Just days before announcing his resignation on Monday night, James floated a different plan in emails to activists: selling his house and moving into an RV to set up shop near homeless residents at North Beach. 

James’ idea to move into an RV came after repeatedly butting heads with homeless advocates over his plan to hire a private security company to police the city’s beaches and ensure no homeless people sleep there. 

He announced his plan in a post to a private Facebook group, where he posted screenshots of an email he sent to Elizabeth Andrade, the CEO of a nonprofit that assists the homeless known as Family Assistance Ministries, or FAM. 

In the email, James told Andrade that his house would be sold next week, and that he planned to use the ministry’s address for his mailing address so he could remain on council. 

“I am buying a derelict RV that I will park in various locations throughout the city,” James wrote. “The City Attorney concurs this will fulfill my residency requirements.” 

“Thank you for ALL you do and for the help you will provide me as a homeless person,” he continued. “Looking forward to your free food.” 

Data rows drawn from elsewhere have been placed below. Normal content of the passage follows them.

Lemma Sadj0_pos u w : Sadj0 u w ->
  ((u.1 : nat) = w.1 /\ cycdist n.*2 (pos u) (pos w) <= 2) \/
  (distn u.1 w.1 = 1 /\ cycdist n.*2 (pos u) (pos w) <= 1).
Proof.
have shift_le s (u' w' : V) : s <= n.*2 -> pos w' = pos u' + s %[mod n.*2] ->
    cycdist n.*2 (pos u') (pos w') <= s.
  exact: cycdist_shift_le (pos_lt u') (pos_lt w').
have n_gt0 : 0 < n := leq_ltn_trans (leq0n _) (ltn_ord u.2).
case: u w => [x i] [y j]; rewrite /Sadj0 !succ_modE.
case/orP=> [/andP[/eqP<- /eqP->]|].
  left; split=> //; apply: shift_le; first lia.
  by rewrite pos_ordS /pos; congr (_ %% _); rewrite /=; lia.
case/orP=> [|/orP[|/orP[]]] /and3P[/eqP x0 /eqP y1 /eqP eij].
- right; split; first by rewrite x0 y1.
  rewrite cycdistC; subst i; apply: shift_le; first lia.
  by rewrite pos_ordS /pos x0 y1; congr (_ %% _); rewrite /=; lia.
all: right; split; first by rewrite x0 y1.
  by apply: shift_le; [lia | rewrite /pos eij x0 y1 addn0].
all: by rewrite /pos eij x0 y1 /cycdist /distn /=; lia.
Qed.

Lemma Sadj_pos u w : e u w ->
  ((u.1 : nat) = w.1 /\ cycdist n.*2 (pos u) (pos w) <= 2) \/
  (distn u.1 w.1 = 1 /\ cycdist n.*2 (pos u) (pos w) <= 1).
Proof.
case/orP=> /Sadj0_pos //; rewrite (cycdistC _ (pos w)) /distn; lia.
Qed.

Lemma Sdist_lipschitz u w v : e u w -> Sdist u v <= (Sdist w v).+1.
Proof.
move=> /Sadj_pos adj_uw.
have := cycdist_triangle (pos_lt u) (pos_lt w) (pos_lt v).
rewrite /Sdist; case: adj_uw => [[eq_uw le2]|[d_uw le1]].
  by rewrite /distn eq_uw; lia.
have := odd_cycdist evenN (pos_lt u) (pos_lt w).
have := odd_cycdist evenN (pos_lt w) (pos_lt v).
rewrite !oddD !odd_double !oddb /=; move: d_uw le1; rewrite /distn.
by case: (posnP u.1) => [->|?]; case: (posnP w.1) => [->|?];
  case: (posnP v.1) => [->|?] /=; lia.
Qed.

Lemma Sdist_descent_shift u v s w1 w2 : e u w1 -> e u w2 -> w1.1 = w2.1 ->
  s <= cycdist n.*2 (pos u) (pos v) ->
  pos w1 = pos u + s %[mod n.*2] -> pos w2 + s = pos u %[mod n.*2] ->
  exists2 w, e u w &
    w.1 = w1.1 /\ cycdist n.*2 (pos w) (pos v) + s = cycdist n.*2 (pos u) (pos v).
Proof.
move=> uw1 uw2 eq_w12 les mod1 mod2.
by case: (cycdist_step (pos_lt u) (pos_lt v) (pos_lt w1) (pos_lt w2) les mod1 mod2);
  [exists w1 | exists w2].
Qed.

Lemma Sdist_descent_up (x y : 'I_4) (i j : 'I_n) : x < y ->
  exists2 w, e (x, i) w & Sdist w (y, j) < Sdist (x, i) (y, j).
Proof.
move=> lt_xy; have odd_c := odd_cycdist evenN (pos_lt (x, i)) (pos_lt (y, j)).
rewrite oddD !odd_pos /= in odd_c; have lty4 := ltn_ord y.
rewrite /Sdist /distn; set c := cycdist _ _ _ in odd_c *.
have [x0|x_gt0] := posnP x; last first.
  have ltx3 : x < 3 by lia.
  exists (inord x.+1, i); first exact: Sadj_up.
  have -> : pos (inord x.+1, i) = pos (x, i) by rewrite /pos /= inordK // x_gt0.
  by rewrite /= inordK // -/c; lia.
have b1 : (inord 1 : 'I_4) = 1 :> nat by rewrite inordK.
have e1 : e (x, i) (inord 1, i) by have := @Sadj_up x i; rewrite x0; apply.
have e2 : e (x, i) (inord 1, ord_pred i).
  by have := Sadj_diag (ord_pred i) x0 b1; rewrite ord_predK Sadj_sym.
have y_gt0 : 0 < y by lia.
rewrite x0 y_gt0 /= in odd_c.
have les : 1 <= c by rewrite lt0n; apply: contraTneq odd_c => ->.
have mod1 : pos (inord 1, i) = pos (x, i) + 1 %[mod n.*2].
  by rewrite /pos /= b1 x0 /= addn0.
have mod2 : pos (inord 1, ord_pred i) + 1 = pos (x, i) %[mod n.*2].
  by have := pos_diag (ord_pred i) x0 b1; rewrite ord_predK => ->.
have [w uw [w1 close]] := Sdist_descent_shift e1 e2 erefl les mod1 mod2.
by exists w; rewrite // /distn w1 b1 /= x0; clear -close odd_c y_gt0; lia.
Qed.

Lemma Sdist_descent_down (x y : 'I_4) (i j : 'I_n) : y < x ->
  exists2 w, e (x, i) w & Sdist w (y, j) < Sdist (x, i) (y, j).
Proof.
move=> lt_yx; have odd_c := odd_cycdist evenN (pos_lt (x, i)) (pos_lt (y, j)).
rewrite oddD !odd_pos /= in odd_c; have ltx4 := ltn_ord x.
have x_gt0 : 0 < x by lia.
rewrite /Sdist /distn; set c := cycdist _ _ _ in odd_c *.
have [x1|x_ne1] := eqVneq (x : nat) 1; last first.
  have x_gt1 : 1 < x by lia.
  exists (inord x.-1, i); first exact: Sadj_down.
  have -> : pos (inord x.-1, i) = pos (x, i) by rewrite /pos /= inordK ?x_gt0 //; lia.
  by rewrite /= inordK -/c; lia.
have y0 : y = 0 :> nat by lia.
have a0 : (inord 0 : 'I_4) = 0 :> nat by rewrite inordK.
have e1 : e (x, i) (inord 0, ordS i) by apply: Sadj_diag.
have e2 : e (x, i) (inord 0, i) by have := Sadj_down i x_gt0; rewrite x1.
rewrite x_gt0 y0 /= in odd_c.
have les : 1 <= c by rewrite lt0n; apply: contraTneq odd_c => ->.
have mod1 : pos (inord 0, ordS i) = pos (x, i) + 1 %[mod n.*2] by apply: pos_diag.
have mod2 : pos (inord 0, i) + 1 = pos (x, i) %[mod n.*2].
  by rewrite /pos /= a0 x_gt0 /= addn0.
have [w uw [w1 close]] := Sdist_descent_shift e1 e2 erefl les mod1 mod2.
by exists w; rewrite // /distn w1 a0 /= x1 y0; clear -close odd_c; lia.
Qed.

He sent a similar email to Kathy Esfahani, chair of the San Clemente Affordable Housing Coalition, and Councilman Mark Enmeier on Friday evening after Esfahani sent the council a letter asking them not to choose Gatekeeper Security for the council contract. 

“I was contemplating resigning from Council and moving to Wyoming, I have now decided to buy a dilapidated RV and stay outside Cheyenne a few days at a time but mostly live in my dilapidated RV in the North Beach area,” James said.  

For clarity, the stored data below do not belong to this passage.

(* Let $a$ be a primitive element of $GF(2^m)$, $n\le 2^m-1$, and $1\le k\le d\le n-1$. Let $g(x)=\prod_{j=1}^{n-k}(x-a^j)=\sum_{i=0}^{n-k}g_ix^i$ and $f(x)=\prod_{j=1}^{n-d}(x-a^j)=\sum_{i=0}^{n-d}f_ix^i$. Let $G_k$ be the $k\times n$ matrix whose $r$-th row ($r=1,\dots,k$) is $(0,\dots,0,g_0,g_1,\dots,g_{n-k},0,\dots,0)$ with $r-1$ leading zeros, and let $B$ be the $(d-k)\times n$ matrix whose $r$-th row ($r=1,\dots,d-k$) is $(0,\dots,0,f_0,f_1,\dots,f_{n-d},0,\dots,0)$ with $r-1$ leading zeros. Then the $d\times n$ matrix $G=\begin{bmatrix}G_k\\ B\end{bmatrix}$ has rank $d$; that is, it is a generator matrix of the $[n,d]$ Reed–Solomon code generated by $f(x)$ (the code underlying the minimum-bandwidth regenerating code).
   Context: The $[n,d]$ Reed–Solomon code generated by $f(x)$ consists of all vectors $(c_0,\dots,c_{n-1})\in GF(2^m)^n$ whose polynomial $\sum_i c_ix^i$ is divisible by $f(x)$. *)

From HB Require Import structures.
From mathcomp Require Import all_boot all_order all_algebra all_field.
Set Implicit Arguments. Unset Strict Implicit. Unset Printing Implicit Defensive.
Import GRing.Theory.
Local Open Scope ring_scope.

Definition rs_genpoly (F : fieldType) (a : F) (t : nat) : {poly F} :=
  \prod_(1 <= j < t.+1) ('X - (a ^+ j)%:P).

Definition shift_mx (F : fieldType) (p n : nat) (h : {poly F}) : 'M[F]_(p, n) :=
  \matrix_(r < p, j < n) (if (r <= j)%N then h`_(j - r) else 0).

Definition vec_poly (F : fieldType) (n : nat) (c : 'rV[F]_n) : {poly F} :=
  \sum_(i < n) c 0 i *: 'X^i.

Definition poly_code (F : fieldType) (n : nat) (f : {poly F}) : pred 'rV[F]_n :=
  [pred c | f %| vec_poly c].
Arguments poly_code F n f : clear implicits.
Arguments poly_code {F} n f.

From HB Require Import structures.
From mathcomp Require Import all_boot all_order all_algebra all_field.
From mathcomp Require Import zify.
Import GRing.Theory.
Local Open Scope ring_scope.

(* Write g = f * h with deg h = d - k.  A row vector (s, t) times G is the
   coefficient vector of (s h + t) f, and s h + t ranges bijectively over the
   polynomials of degree < d: this is Euclidean division by h.  Since
   deg f + d = n, multiplying by f then maps this space onto the polynomials of
   degree < n divisible by f.  Only degrees matter. *)

Lemma mul_shift_mx (F : fieldType) (p n : nat) (h : {poly F}) (u : 'rV[F]_p) :
  u *m shift_mx p n h = poly_rV (rVpoly u * h).
Proof.
rewrite {2}(row_sum_delta u) linear_sum /= mulr_suml linear_sum /= mulmx_sum_row.
apply: eq_bigr => i _; rewrite linearZ /= rVpoly_delta -scalerAl linearZ /=.
congr (_ *: _); apply/rowP => j; rewrite !mxE coefXnM leqNgt.
by case: ltnP.
Qed.

Lemma vec_polyE (F : fieldType) (n : nat) (c : 'rV[F]_n) : vec_poly c = rVpoly c.
Proof. by rewrite /vec_poly /rVpoly poly_def; apply: eq_bigr => i _; rewrite valK. Qed.

Lemma size_rs_genpoly (F : fieldType) (a : F) (t : nat) :
  size (rs_genpoly a t) = t.+1.
Proof. by rewrite size_prod_XsubC size_iota subn1. Qed.

Lemma rs_genpoly_split (F : fieldType) (a : F) (s t : nat) : (s <= t)%N ->
  rs_genpoly a t =
  rs_genpoly a s * \prod_(s.+1 <= j < t.+1) ('X - (a ^+ j)%:P).
Proof. by move=> le_st; rewrite /rs_genpoly -big_cat_nat. Qed.

Section ShiftStack.

Variables (F : fieldType) (n k e : nat) (f h : {poly F}).
Hypotheses (f_neq0 : f != 0) (size_h : size h = e.+1).
Hypothesis size_f_dim : (size f + (k + e) = n.+1)%N.

Let G := col_mx (shift_mx k n (f * h)) (shift_mx e n f).

Lemma size_stack_poly (s : 'rV[F]_k) (t : 'rV[F]_e) :
  (size ((rVpoly s * h + rVpoly t) * f)%R <= n)%N.
Proof.
have size_s : (size (rVpoly s) <= k)%N := size_poly _ _.
have size_t : (size (rVpoly t) <= e)%N := size_poly _ _.
have size_sh := size_polyMleq (rVpoly s) h.
have size_sum : (size (rVpoly s * h + rVpoly t)%R <= k + e)%N.
  apply: leq_trans (size_polyD _ _) _; rewrite geq_max; apply/andP; split.
    by apply: leq_trans size_sh _; rewrite size_h; lia.
  exact: leq_trans size_t (leq_addl _ _).
apply: leq_trans (size_polyMleq _ _) _; lia.
Qed.

Lemma mul_stack_mx (s : 'rV[F]_k) (t : 'rV[F]_e) :
  row_mx s t *m G = poly_rV ((rVpoly s * h + rVpoly t) * f).
Proof.
by rewrite mul_row_col !mul_shift_mx -linearD mulrDl -mulrA (mulrC h f).
Qed.

Lemma row_free_stack : row_free G.
Proof.
apply: inj_row_free => v; rewrite -[v]hsubmxK mul_stack_mx => /(congr1 rVpoly).
rewrite poly_rV_K ?size_stack_poly // linear0 => /eqP.
rewrite mulf_eq0 (negbTE f_neq0) orbF => /eqP sum_eq0.
have size_t : (size (rVpoly (rsubmx v)) < size h)%N by rewrite size_h ltnS size_poly.
have s0 : rVpoly (lsubmx v) = 0.
  by rewrite -(divp_addl_mul_small (rVpoly (lsubmx v)) size_t) sum_eq0 div0p.
have t0 : rVpoly (rsubmx v) = 0.
  by rewrite -(modp_addl_mul_small (rVpoly (lsubmx v)) size_t) sum_eq0 mod0p.
by rewrite -(rVpolyK (lsubmx v)) -(rVpolyK (rsubmx v)) s0 t0 !linear0 row_mx0.
Qed.

Lemma rank_stack : \rank G = (k + e)%N.
Proof. exact/eqP/row_free_stack. Qed.

Lemma submx_stackE (c : 'rV[F]_n) : (c <= G)%MS = (f %| rVpoly c).
Proof.
apply/idP/idP.
  case/submxP => u ->; rewrite -[u]hsubmxK mul_stack_mx.
  by rewrite poly_rV_K ?size_stack_poly // dvdp_mull.
case/dvdpP=> q c_eq.
have size_q : (size q <= k + e)%N.
  have [->|q_neq0] := eqVneq q 0; first by rewrite size_poly0.
  have : (size (rVpoly c) <= n)%N := size_poly _ _.
  have := size_poly_gt0 q; rewrite q_neq0 c_eq size_mul //.
  (* [lia] sees the sizes here and in [size_f_dim] as distinct atoms: they
     differ only in implicit structure instances. *)
  by move: size_f_dim; move: (size f) (size q) => sf sq; lia.
have h_neq0 : h != 0 by rewrite -size_poly_eq0 size_h.
have size_div : (size (q %/ h)%R <= k)%N by rewrite size_divp // size_h leq_subLR addnC.
have size_mod : (size (q %% h)%R <= e)%N by have := ltn_modpN0 q h_neq0; rewrite size_h.
have -> : c = row_mx (poly_rV (q %/ h) : 'rV_k) (poly_rV (q %% h) : 'rV_e) *m G.
  by rewrite mul_stack_mx !poly_rV_K // -divp_eq -c_eq rVpolyK.
exact: submxMl.
Qed.

End ShiftStack.

Theorem theorem3 (F : finFieldType) (m : nat) (a : F) (n k d : nat) :
  #|F| = (2 ^ m)%N ->
  (2 ^ m).-1.-primitive_root a ->
  (n <= (2 ^ m).-1)%N ->
  (1 <= k)%N -> (k <= d)%N -> (d <= n.-1)%N ->
  let g := rs_genpoly a (n - k) in
  let f := rs_genpoly a (n - d) in
  let G := col_mx (shift_mx k n g) (shift_mx (d - k) n f) in
  \rank G = d /\ (forall c : 'rV[F]_n, (c <= G)%MS = (c \in poly_code n f)).
Proof.
move=> _ _ _ k_gt0 le_kd le_dn g f G.
set h := \prod_((n - d).+1 <= j < (n - k).+1) ('X - (a ^+ j)%:P).
have g_eq : g = f * h by apply: rs_genpoly_split; lia.
have size_h : size h = (d - k).+1.
  by rewrite size_prod_XsubC size_iota; lia.
have f_neq0 : f != 0 by rewrite -size_poly_eq0 size_rs_genpoly.
have size_f_dim : (size f + (k + (d - k)) = n.+1)%N.
  by rewrite size_rs_genpoly; lia.
rewrite /G g_eq; split.
  by rewrite rank_stack //; lia.
by move=> c; rewrite inE /= vec_polyE submx_stackE.
Qed.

He added that he’d be working to recall Mayor Chris Duncan and Enmeier, the two Democrats on the city council. 

“Your note convinced me to stay! Thank you Kanniving Kathy say hello to that Mensa candidate husband of yours,” James wrote. “By the way, I cleared this with the city attorney.” 

City Attorney Elizabeth Mitchell did not return requests for comment. 

When asked by Voice of OC whether or not he would go through with the RV plan on Monday morning, James said “I probably am, I don’t know.” 

On Monday evening, he announced plans to resign from the city council and complete his move to Wyoming. 

By Tuesday morning, he said the RV plan was “tongue-in-cheek.” 

James joined the council in Dec. 2019 after he won a special election to fill the seat of former Mayor Steven Swartz, who died while in office, and he won a full four year term in the 2020 election. 

That means James’ seat still has another year left on it, but it remains unclear if the city will host a special election to fill the seat or appoint someone else to fill the vacancy. 

Whoever fills the seat could set which political party has a majority on the council, with Mayor Chris Duncan and Councilman Mark Enmeier backed by the Democratic Party while Councilmen Steve Knoblock and Victor Cabral were both endorsed by the Republican Party.

It also remains unclear if he informed city leadership of his decision to resign, after City Manager Andy Hall said he didn’t know if James would be staying. 

“I simply do not know any details about Councilman James immediate or future plans,” Hall said in an email Monday night. 

James’ tenure also wasn’t without controversy with his council colleagues. 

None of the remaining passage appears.